Река сильно сдала – грязно обнажились низы прежде залитых ракит, просыпал черный кочкарник на заиленном лугу; но зато здесь, на бугре, под ногами, было зелено и чисто: ободренная теплом, доверчиво шла в рост всяческая мурава, и было удивительно, когда только успели зацвести нежные, застенчивые хохлатки, манившие этой нежной лиловостью еще полусонных шмелей.
А под каждым пеньком или забориной уже барыней гляделась молодая крапива.
Кольшины ветряки – одна красная, с фасадного конька, две голубые, с дворового подконка, – в этот легкий, безмятежный день окончательно угомонились и, будто усталые гонцы, обессиленно задремали, одинаково повернувшись в теплую сторону, откуда последние дни навевал доброжелательный ветерок.
Катерина все еще не появлялась на дороге, и Кольша, возвратясь в дом, засобирался и сам: поверх новой рубахи надел привычную куртейку, перекинул через плечо холщовую торбочку, а в нее сложил окраек черного хлеба, головку лука и бывалую фляжку с колодезной водой.

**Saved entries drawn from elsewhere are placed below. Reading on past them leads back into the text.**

(* [u] is a convex combination of [u + l1 w] and [u + l2 w] when [l1 > 0 > l2]. *)
Lemma in_plus_or_in_minus (u w : X) : in_plus u w \/ in_minus u w.
Proof.
  apply NNPP. intros Hn. apply not_or_and in Hn. destruct Hn as [Hp Hm].
  apply not_all_ex_not in Hp. destruct Hp as [l1 Hp]. apply imply_to_and in Hp.
  apply not_all_ex_not in Hm. destruct Hm as [l2 Hm]. apply imply_to_and in Hm.
  destruct Hp as [Hl1 Hp], Hm as [Hl2 Hm]. apply Rnot_ge_lt in Hp, Hm.
  assert (l1 <> 0) by (intros ->; rewrite vscal0, vadd_0 in Hp; lra).
  assert (l2 <> 0) by (intros ->; rewrite vscal0, vadd_0 in Hm; lra).
  set (al := - l2 / (l1 - l2)). set (be := l1 / (l1 - l2)).
  assert (Hal : 0 < al) by (unfold al; apply Rdiv_lt_0_compat; lra).
  assert (Hbe : 0 < be) by (unfold be; apply Rdiv_lt_0_compat; lra).
  assert (Hs : al + be = 1) by (unfold al, be; field; lra).
  assert (Hz : al * l1 + be * l2 = 0) by (unfold al, be; field; lra).
  assert (Id : vadd (vscal al (vadd u (vscal l1 w))) (vscal be (vadd u (vscal l2 w))) = u).
  { rewrite !vscal_addv, !vscal_assoc, vaddACA, <- !vscal_adds, Hs, Hz, vscal0, vscal_1.
    apply vadd_0. }
  assert (E := vnorm_triangle _ (vscal al (vadd u (vscal l1 w))) (vscal be (vadd u (vscal l2 w)))).
  rewrite Id, !vnorm_scal, !Rabs_right in E by lra. nra.
Qed.

Section SupBall.
Variable g : X -> R.
Hypothesis g_bounded : exists C, forall x : X, vnorm x <= 1 -> g x <= C.

Lemma sup_ball_lub : is_lub (fun s => exists x : X, vnorm x <= 1 /\ s = g x) (sup_ball g).
Proof.
  unfold sup_ball. apply epsilon_spec.
  destruct (completeness (fun s => exists x : X, vnorm x <= 1 /\ s = g x)) as [l Hl].
  - destruct g_bounded as [C HC]. exists C. intros s [x [Hx ->]]. auto.
  - exists (g vzero). exists vzero. rewrite vnorm0. split; [lra|reflexivity].
  - exists l; auto.
Qed.

Lemma sup_ball_ge x : vnorm x <= 1 -> g x <= sup_ball g.
Proof. intros Hx. apply (proj1 sup_ball_lub). eauto. Qed.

– Ну, Митяха, пошли… – сказал он, беря на подоконнике баночку с муравьем, который все еще пытался одолеть стеклянную стену. – Пора тебе…
Кольша приоткрыл крышку, пустил внутрь свежего воздуха и, заперев снова, положил майонезку в карман куртки.
В поле он выбрел огородной стежкой, еще нехоженой и сыроватой, оставив на ней свой странный след – глубокие тычки через каждые полтора метра. Стороннему показалось бы, что здесь кто-то
Лесополоса из рослых берез, перемеженных рябиной и кустовой акацией, простиралась на несколько километров. В дальнем ее конце Кольша давно не был, но с хуторской стороны знал несколько муравейников, в один из которых он и собрался определить своего Митяху. В эту пору внедриться в чужую муравьиную артель было нетрудно, поскольку муравьи-хозяева еще не обрели бдительной активности. Облепив вершину гнездового конуса, они всего лишь сонно греются на вешнем солнышке.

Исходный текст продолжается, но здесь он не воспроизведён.